◆ **TASK REQUIREMENTS**
Hunt through the lines below for the string "symmetric" and copy each one that has it.

[Saved entries]
From mathcomp Require Import all_boot all_order all_algebra.
From mathcomp Require Import zify ring lra.
Import Order.TTheory GRing.Theory Num.Theory.
Set Implicit Arguments. Unset Strict Implicit. Unset Printing Implicit Defensive.

(* Let C be the branch at a neighbour c of the root r, that is the component
   of c once r is deleted.  A subtree containing r is a subtree of the rest
   containing r together with either nothing of C or a subtree of C containing
   c; so, writing N for the number of subtrees containing the root and S for
   the sum of their orders,
     N = N' (N_C + 1),   S = S' (N_C + 1) + N' S_C.
   With n the order, L the number of leaves and d the degree of the root,
   induction on n proves
     N (5 n + (n - L) + 4) <= 10 S,   2^L <= N,   n - L + d <= L + 1,
   the first of which is the theorem, n - L being the number of non-leaves.
   Absorbing a branch that is a single leaf is direct.  Otherwise c has degree
   at least 2 inside C (this is where T*_3 enters), so the third inequality for
   C gives n_C <= 2 L_C - 1 and the second 2^L_C <= N_C, whence
   5 n_C + (n_C - L_C) <= 11 L_C - 6 <= 4 N_C, exactly what the first
   inequality needs.  The acyclicity used to split off C comes from the edge
   count: removing an edge of a cycle would leave a connected graph with fewer
   than n - 1 edges. *)

Definition edges (T : finType) (e : rel T) : {set T * T} :=
  [set p : T * T | e p.1 p.2].

Section ConnectedEdges.
Variables (T : finType) (e : rel T) (a : T).

Fixpoint ball (m : nat) : {set T} :=
  if m is m'.+1 then ball m' :|: [set y | [exists x in ball m', e x y]]
  else [set a].

Lemma ball_path x p m :
  path e x p -> x \in ball m -> last x p \in ball (m + size p).
Proof.
elim: p x m => [|y p IHp] x m /=; first by rewrite addn0.
move=> /andP[exy pth] xm; rewrite -addSnnS; apply: IHp => //=.
by rewrite /= !inE; apply/orP; right; apply/existsP; exists x; rewrite xm.
Qed.

Lemma exists_parent : (forall x, connect e a x) ->
  exists (par : T -> T) (rank : T -> nat),
    forall x, x != a -> e (par x) x /\ (rank (par x) < rank x)%N.
Proof.
move=> conn.
have in_ball x : exists m, x \in ball m.
  have /connectP[p pth ->] := conn x.
  by exists (0 + size p); apply: ball_path; rewrite // inE.
pose rank x := ex_minn (in_ball x).
have has_par x : x != a -> exists y, e y x && (rank y < rank x)%N.
  move=> xa; rewrite /rank; case: ex_minnP => [[|m]] /=; first by rewrite inE (negPf xa).
  rewrite inE => /orP[xm min_m|]; first by have := min_m _ xm; rewrite ltnn.
  rewrite inE => /existsP[y /andP[ym eyx]] _; exists y; rewrite eyx /=.
  by case: ex_minnP => k _ /(_ _ ym).
pose par x := odflt x [pick y | e y x && (rank y < rank x)%N].
exists par, rank => x xa; rewrite /par; case: pickP => [y /andP[] //|none].
by have [y] := has_par x xa; rewrite none.
Qed.

Lemma card_edges_connected : symmetric e -> (forall x, connect e a x) ->
  ((#|T|.-1).*2 <= #|edges e|)%N.
Proof.
move=> e_sym /exists_parent[par [rank par_ok]].
pose orient (u : T * bool) := if u.2 then (u.1, par u.1) else (par u.1, u.1).
pose D := setX [set~ a] [set: bool].
have cardD : #|D| = (#|T|.-1).*2.
  by rewrite cardsX cardsC1 cardsT card_bool muln2.
have orient_inj : {in D &, injective orient}.
  move=> [x b] [y b']; rewrite !inE /= !andbT => /par_ok[_ ltx] /par_ok[_ lty].
  have no_swap : x = par y -> par x = y -> False.
    by move=> exy eyx; move: ltx lty; rewrite eyx -exy => /ltn_trans lt /lt; rewrite ltnn.
  case: b; case: b'; rewrite /orient /= => -[].
  - by move=> ->.
  - by move=> exy eyx; case: no_swap.
  - by move=> eyx exy; case: no_swap.
  - by move=> _ ->.
rewrite -cardD -(card_in_imset orient_inj); apply: subset_leq_card.
apply/subsetP => _ /imsetP[[x b] xD ->]; move: xD; rewrite !inE /= andbT.
by move=> /par_ok[e_par _]; case: b; rewrite /orient //= e_sym.
Qed.

End ConnectedEdges.

Section RemoveEdge.
Variables (T : finType) (e : rel T) (x y : T).
Hypothesis e_sym : symmetric e.

Definition remove_edge : rel T :=
  [rel a b | e a b && ((a, b) \notin [set (x, y); (y, x)])].

Lemma remove_edge_sym : symmetric remove_edge.
Proof.
move=> a b; rewrite /remove_edge /= e_sym !inE !xpair_eqE; congr (_ && ~~ _).
by rewrite orbC; congr (_ || _); apply: andbC.
Qed.

Lemma edges_remove_edge :
  e x y -> x != y -> #|edges remove_edge| = (#|edges e| - 2)%N.
Proof.
move=> exy xy.
have -> : edges remove_edge = edges e :\: [set (x, y); (y, x)].
  by apply/setP => -[a b]; rewrite /edges /remove_edge !inE /= !inE andbC.
have sub : [set (x, y); (y, x)] \subset edges e.
  by apply/subsetP => p; rewrite !inE => /orP[] /eqP-> /=; rewrite // e_sym.
by rewrite cardsD (setIidPr sub) cards2 xpair_eqE (negPf xy).
Qed.

Lemma connect_remove_edge :
  connect remove_edge x y -> subrel (connect e) (connect remove_edge).
Proof.
move=> cxy a b /connectP[p pth ->]; elim: p a pth => [|u p IHp] a /=.
  by rewrite connect0.
move=> /andP[eau pth]; apply: connect_trans (IHp u pth).
case: (boolP ((a, u) \in [set (x, y); (y, x)])) => [|not_xy]; last first.
  by apply: connect1; rewrite /remove_edge /= eau not_xy.
by rewrite !inE !xpair_eqE => /orP[] /andP[/eqP-> /eqP->];
  rewrite // (sym_connect_sym remove_edge_sym).
Qed.

End RemoveEdge.

Section InducedConnectivity.
Variables (T : finType) (e : rel T).

Definition connected_in (A : {set T}) : Prop :=
  forall x y, x \in A -> y \in A -> connect (induced e A) x y.

Definition acyclic_in (A : {set T}) : Prop :=
  forall x y z, x \in A -> y \in A -> z \in A -> y != z -> e x y -> e x z ->
    ~~ connect (induced e (A :\ x)) y z.

Lemma inducedE (A : {set T}) x y :
  induced e A x y = [&& x \in A, y \in A & e x y].
Proof. by []. Qed.

Lemma induced_connect_sub (A B : {set T}) x y :
  A \subset B -> connect (induced e A) x y -> connect (induced e B) x y.
Proof.
move=> /subsetP AB; apply: connect_sub => u w /and3P[uA wA euw].
by apply: connect1; rewrite inducedE !AB.
Qed.

Lemma induced_connect_mem (A : {set T}) x y :
  connect (induced e A) x y -> x \in A -> y \in A.
Proof.
move=> /connectP[p + ->]; elim: p x => [|z p IHp] x //=.
by move=> /andP[/and3P[_ zA _] pth] _; apply: IHp.
Qed.

Lemma acyclic_in_sub (A B : {set T}) : B \subset A -> acyclic_in A -> acyclic_in B.
Proof.
move=> /subsetP BA acA x y z xB yB zB yz exy exz.
apply: contraNN (acA x y z (BA _ xB) (BA _ yB) (BA _ zB) yz exy exz).
by apply: induced_connect_sub; apply/subsetP => u; rewrite !inE => /andP[-> /BA].
Qed.

Lemma subtreeP (S : {set T}) :
  reflect (S != set0 /\ connected_in S) (is_subtree e S).
Proof.
apply: (iffP andP) => -[-> conn]; split => //.
  by move=> x y xS yS; move/forall_inP/(_ x xS)/forall_inP: conn; apply.
by apply/forall_inP => x xS; apply/forall_inP => y yS; apply: conn.
Qed.

Lemma path_closed_reach (B D : {set T}) z x p :
  (forall u y, u \in B -> u != z -> y \in D -> e u y -> y \in B) ->
  x \in B -> path (induced e D) x p -> (last x p == z) || (last x p \notin B) ->
  (z \in B) && connect (induced e B) x z.
Proof.
move=> closedB; elim: p x => [|y p IHp] x /= xB.
  by move=> _ /orP[/eqP <-|]; rewrite ?xB ?connect0.
move=> /andP[/and3P[_ yD exy] pth] end_p.
have [<-|xz] := eqVneq x z; first by rewrite xB connect0.
have yB := closedB _ _ xB xz yD exy.
have /andP[-> cyz] := IHp y yB pth end_p.
by apply: connect_trans cyz; apply: connect1; rewrite inducedE xB yB.
Qed.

◆ **TASK OUTPUT**
Lemma card_edges_connected : symmetric e -> (forall x, connect e a x) ->
Hypothesis e_sym : symmetric e.
Lemma remove_edge_sym : symmetric remove_edge.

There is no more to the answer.